In the listing below, find each line that holds the string "assumption" and copy it.

- **Records for processing**:
┄┄┄┄┄┄┄┄┄┄┄┄┄┄┄┄┄┄┄┄
Lemma card_mod_of_cover (P : T -> Prop) (L : list T) :
  (forall a b, P a -> eqv a b -> P b) ->
  (forall y, P y -> exists b, In b L /\ eqv b y) ->
  exists k, k <= length L /\ card_mod eqv P k.
Proof.
  intros HPinv Hcov.
  destruct (representatives_in P L) as (l & Hlen & HP & Hrep & Hsep).
  exists (length l). split; [exact Hlen|].
  exists l. repeat split; auto.
  intros y Py. destruct (Hcov y Py) as (b & Hb & Hby).
  destruct (Hrep b Hb (HPinv y b Py (eqv_sym _ _ Hby))) as (a & Ha & Hab).
  exists a. eauto.
Qed.

End SetoidCounting.

Lemma dist_le_refl {T : Type} (eqv adj : T -> T -> Prop) n x :
  (forall a, eqv a a) -> dist_le eqv adj n x x.
Proof. intro Hrefl. induction n as [|n IH]; simpl; auto. Qed.

Lemma card_mod_pos {T : Type} (eqv : T -> T -> Prop) (P : T -> Prop) k x :
  card_mod eqv P k -> P x -> 1 <= k.
Proof.
  intros (l & <- & _ & Hcov & _) Px.
  destruct (Hcov x Px) as (a & Ha & _).
  destruct l; [destruct Ha | simpl; lia].
Qed.

Lemma card_mod_eq_le_length {T : Type} (P : T -> Prop) k (L : list T) :
  card_mod eq P k -> (forall y, P y -> In y L) -> k <= length L.
Proof.
  intros (l & <- & HP & _ & Hsep) HL.
  apply NoDup_incl_length.
  - apply NoDup_iff_ForallOrdPairs. exact Hsep.
  - intros y Hy. apply HL, HP, Hy.
Qed.

Lemma length_flat_map_le {A B : Type} (f : A -> list B) (m : nat) (l : list A) :
  (forall a, In a l -> length (f a) <= m) -> length (flat_map f l) <= m * length l.
Proof.
  induction l as [|a l IH]; intro Hf; simpl; [lia|].
  rewrite length_app.
  specialize (Hf a (or_introl eq_refl)) as Ha.
  assert (length (flat_map f l) <= m * length l) by (apply IH; intros; apply Hf; right; auto).
  lia.
Qed.

Fixpoint sublists {A : Type} (l : list A) : list (list A) :=
  match l with
  | [] => [[]]
  | a :: l => sublists l ++ map (cons a) (sublists l)
  end.

Lemma length_sublists {A : Type} (l : list A) : length (sublists l) = 2 ^ length l.
Proof.
  induction l as [|a l IH]; simpl; [reflexivity|].
  rewrite length_app, length_map, IH. lia.
Qed.

Lemma sublists_complete {A : Type} (K : A -> Prop) (l : list A) :
  exists s, In s (sublists l) /\ forall z, In z s <-> In z l /\ K z.
Proof.
  induction l as [|a l IH]; simpl.
  - exists []. simpl. tauto.
  - destruct IH as (s & Hs & Hsz). destruct (classic (K a)) as [Ka|Ka].
    + exists (a :: s). split.
      * apply in_or_app. right. apply in_map, Hs.
      * intro z. simpl. rewrite Hsz. intuition congruence.
    + exists s. split.
      * apply in_or_app. left. exact Hs.
      * intro z. rewrite Hsz. intuition congruence.
Qed.

Section CliqueGraph.

Context {V : Type} (adj : V -> V -> Prop).

Lemma set_eqv_refl (K : V -> Prop) : set_eqv K K.
Proof. intro; tauto. Qed.

Lemma set_eqv_sym (K K' : V -> Prop) : set_eqv K K' -> set_eqv K' K.
Proof. intros H x; specialize (H x); tauto. Qed.

Lemma set_eqv_trans (K K' K'' : V -> Prop) :
  set_eqv K K' -> set_eqv K' K'' -> set_eqv K K''.
Proof. intros H H' x; specialize (H x); specialize (H' x); tauto. Qed.

Lemma is_clique_set_eqv K K' : is_clique adj K -> set_eqv K K' -> is_clique adj K'.
Proof.
  intros [Hcompl Hmax] HKK'. split.
  - intros x y Kx Ky. apply Hcompl; apply HKK'; assumption.
  - intros y K'y. destruct (Hmax y) as (x & Kx & Hxy & Hna).
    + intro Ky. apply K'y, HKK', Ky.
    + exists x. split; [apply HKK', Kx | auto].
Qed.

Lemma cl_adj_set_eqv_r Z K K' : cl_adj adj Z K -> set_eqv K K' -> cl_adj adj Z K'.
Proof.
  intros (HZ & HK & HZK & x & Zx & Kx) HKK'. split; [exact HZ | split; [|split]].
  - eapply is_clique_set_eqv; eauto.
  - intro HZK'. apply HZK, (set_eqv_trans _ _ _ HZK'), set_eqv_sym, HKK'.
  - exists x. split; [|apply HKK']; assumption.
Qed.

Lemma cl_dist_set_eqv_r n C K K' :
  dist_le set_eqv (cl_adj adj) n C K -> set_eqv K K' ->
  dist_le set_eqv (cl_adj adj) n C K'.
Proof.
  revert K K'. induction n as [|n IH]; simpl; intros K K' HCK HKK'.
  - eapply set_eqv_trans; eauto.
  - destruct HCK as [HCK|(Z & HCZ & HZK)].
    + left. eapply IH; eauto.
    + right. exists Z. split; [|eapply cl_adj_set_eqv_r]; eauto.
Qed.

Lemma cl_dist_is_clique n C K :
  is_clique adj C -> dist_le set_eqv (cl_adj adj) n C K -> is_clique adj K.
Proof.
  revert K. induction n as [|n IH]; simpl; intros K HC HCK.
  - eapply is_clique_set_eqv; eauto.
  - destruct HCK as [HCK|(Z & _ & _ & HK & _)]; eauto.
Qed.

Lemma clique_inhabited (u : V) K : is_clique adj K -> exists x, K x.
Proof.
  intros [_ Hmax]. destruct (classic (K u)) as [Ku|Ku]; [eauto|].
  destruct (Hmax u Ku) as (x & Kx & _). eauto.
Qed.

Lemma cl_dist_vertex_dist n C K x0 y : is_clique adj C -> C x0 ->
  dist_le set_eqv (cl_adj adj) n C K -> K y -> dist_le eq adj (S n) x0 y.
Proof.
  intros HC Cx0. revert K y. induction n as [|n IH]; simpl; intros K y HCK Ky.
  - destruct (classic (x0 = y)) as [<-|Hne]; [left; reflexivity|].
    right. exists x0. split; [reflexivity|]. apply HC; auto. apply HCK, Ky.
  - destruct HCK as [HCK|(Z & HCZ & _ & [HKcompl _] & _ & w & Zw & Kw)].
    + left. eapply IH; eauto.
    + specialize (IH Z w HCZ Zw).
      destruct (classic (w = y)) as [<-|Hne]; [left; exact IH|].
      right. exists w. auto.
Qed.

Hypothesis adj_sym : forall x y, adj x y -> adj y x.

Lemma complete_set_extend (S l : list V) : complete_set adj (fun z => In z S) ->
  exists S', complete_set adj (fun z => In z S') /\ incl S S' /\
    forall y, In y l -> In y S' \/ exists s, In s S' /\ s <> y /\ ~ adj s y.
Proof.
  revert S. induction l as [|y l IH]; intros S HS.
  - exists S. repeat split; [exact HS | apply incl_refl | intros y []].
  - destruct (classic (forall s, In s S -> s <> y -> adj s y)) as [Hy|Hy].
    + destruct (IH (y :: S)) as (S' & HS' & Hincl & Hl).
      * intros a b [<-|Ha] [<-|Hb] Hab; auto; contradiction.
      * exists S'. repeat split; [exact HS' | intros z Hz; apply Hincl; right; exact Hz|].
        intros z [<-|Hz]; [left; apply Hincl; left; reflexivity | auto].
    + destruct (IH S HS) as (S' & HS' & Hincl & Hl).
      exists S'. repeat split; [exact HS' | exact Hincl|].
      intros z [<-|Hz]; [right | auto].
      apply not_all_ex_not in Hy as (s & Hs).
      exists s. split; [apply Hincl|]; tauto.
Qed.

Variable nb : V -> list V.
Hypothesis adj_in_nb : forall x y, adj x y -> In y (nb x).

Lemma edge_in_clique a b : adj a b -> exists K, is_clique adj K /\ K a /\ K b.
Proof.
  intro Hab.
  destruct (complete_set_extend [a; b] (nb a)) as (S & HS & Hincl & Hmax).
  - intros x y [<-|[<-|[]]] [<-|[<-|[]]] Hxy; auto; contradiction.
  - exists (fun z => In z S). repeat split.
    + exact HS.
    + intros y Sy. destruct (classic (adj a y)) as [Hay|Hay].
      * destruct (Hmax y (adj_in_nb a y Hay)); tauto.
      * exists a. repeat split; [apply Hincl; left; reflexivity | | exact Hay].
        intros ->. apply Sy, Hincl. left. reflexivity.
    + apply Hincl. left. reflexivity.
    + apply Hincl. right. left. reflexivity.
Qed.

Lemma clique_incl_nbhd K y z : is_clique adj K -> K y -> K z -> In z (y :: nb y).
Proof.
  intros [Hcompl _] Ky Kz. destruct (classic (y = z)) as [->|Hne]; [left; reflexivity|].
  right. apply adj_in_nb, Hcompl; assumption.
Qed.

Lemma vertex_dist_cl_dist n C x0 y : is_clique adj C -> C x0 ->
  dist_le eq adj n x0 y -> exists K, dist_le set_eqv (cl_adj adj) n C K /\ K y.
Proof.
  intros HC Cx0. revert y. induction n as [|n IH]; simpl; intros y Hxy.
  - subst y. exists C. split; [apply set_eqv_refl | exact Cx0].
  - destruct Hxy as [Hxy|(z & Hxz & Hzy)].
    + destruct (IH y Hxy) as (K & HCK & Ky). exists K. auto.
    + destruct (IH z Hxz) as (K & HCK & Kz).
      destruct (edge_in_clique z y Hzy) as (K' & HK' & K'z & K'y).
      exists K'. split; [|exact K'y].
      destruct (classic (set_eqv K K')) as [HKK'|HKK'].
      * left. eapply cl_dist_set_eqv_r; eauto.
      * right. exists K. split; [exact HCK|].
        split; [exact (cl_dist_is_clique n C K HC HCK)|].
        split; [exact HK'|]. split; [exact HKK'|]. exists z. auto.
Qed.

Variable v : nat.
Hypothesis length_nb : forall x, length (nb x) <= v.

Lemma clique_vertex_list K : exists l : list V,
  length l <= S v /\ (is_clique adj K -> forall z, K z -> In z l).
Proof.
  destruct (classic (exists w, K w)) as [[w Kw]|Hempty].
  - exists (w :: nb w). split; [simpl; apply le_n_S, length_nb|].
    intros HK z Kz. exact (clique_incl_nbhd K w z HK Kw Kz).
  - exists []. split; [simpl; lia|]. intros _ z Kz. apply Hempty. eauto.
Qed.

Lemma ball_card_le_clique_ball n C x0 cx ccl : is_clique adj C -> C x0 ->
  card_mod eq (dist_le eq adj n x0) cx ->
  card_mod set_eqv (dist_le set_eqv (cl_adj adj) n C) ccl ->
  cx <= S v * ccl.
Proof.
  intros HC Cx0 Hcx (lc & <- & Hlc & Hcov & _).
  destruct (choice _ clique_vertex_list) as (vertices & Hvertices).
  eapply Nat.le_trans; [apply (card_mod_eq_le_length _ _ (flat_map vertices lc) Hcx)|].
  - intros y Hy.
    destruct (vertex_dist_cl_dist n C x0 y HC Cx0 Hy) as (K & HCK & Ky).
    destruct (Hcov K HCK) as (a & Ha & HaK).
    apply in_flat_map. exists a. split; [exact Ha|].
    apply Hvertices; [|apply HaK, Ky].
    exact (cl_dist_is_clique n C a HC (Hlc a Ha)).
  - apply length_flat_map_le. intros a _. apply Hvertices.
Qed.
┄┄┄┄┄┄┄┄┄┄┄┄┄┄┄┄┄┄┄┄
- **Result below**:
  - intros x y Kx Ky. apply Hcompl; apply HKK'; assumption.
  - exists x. split; [|apply HKK']; assumption.
  right. apply adj_in_nb, Hcompl; assumption.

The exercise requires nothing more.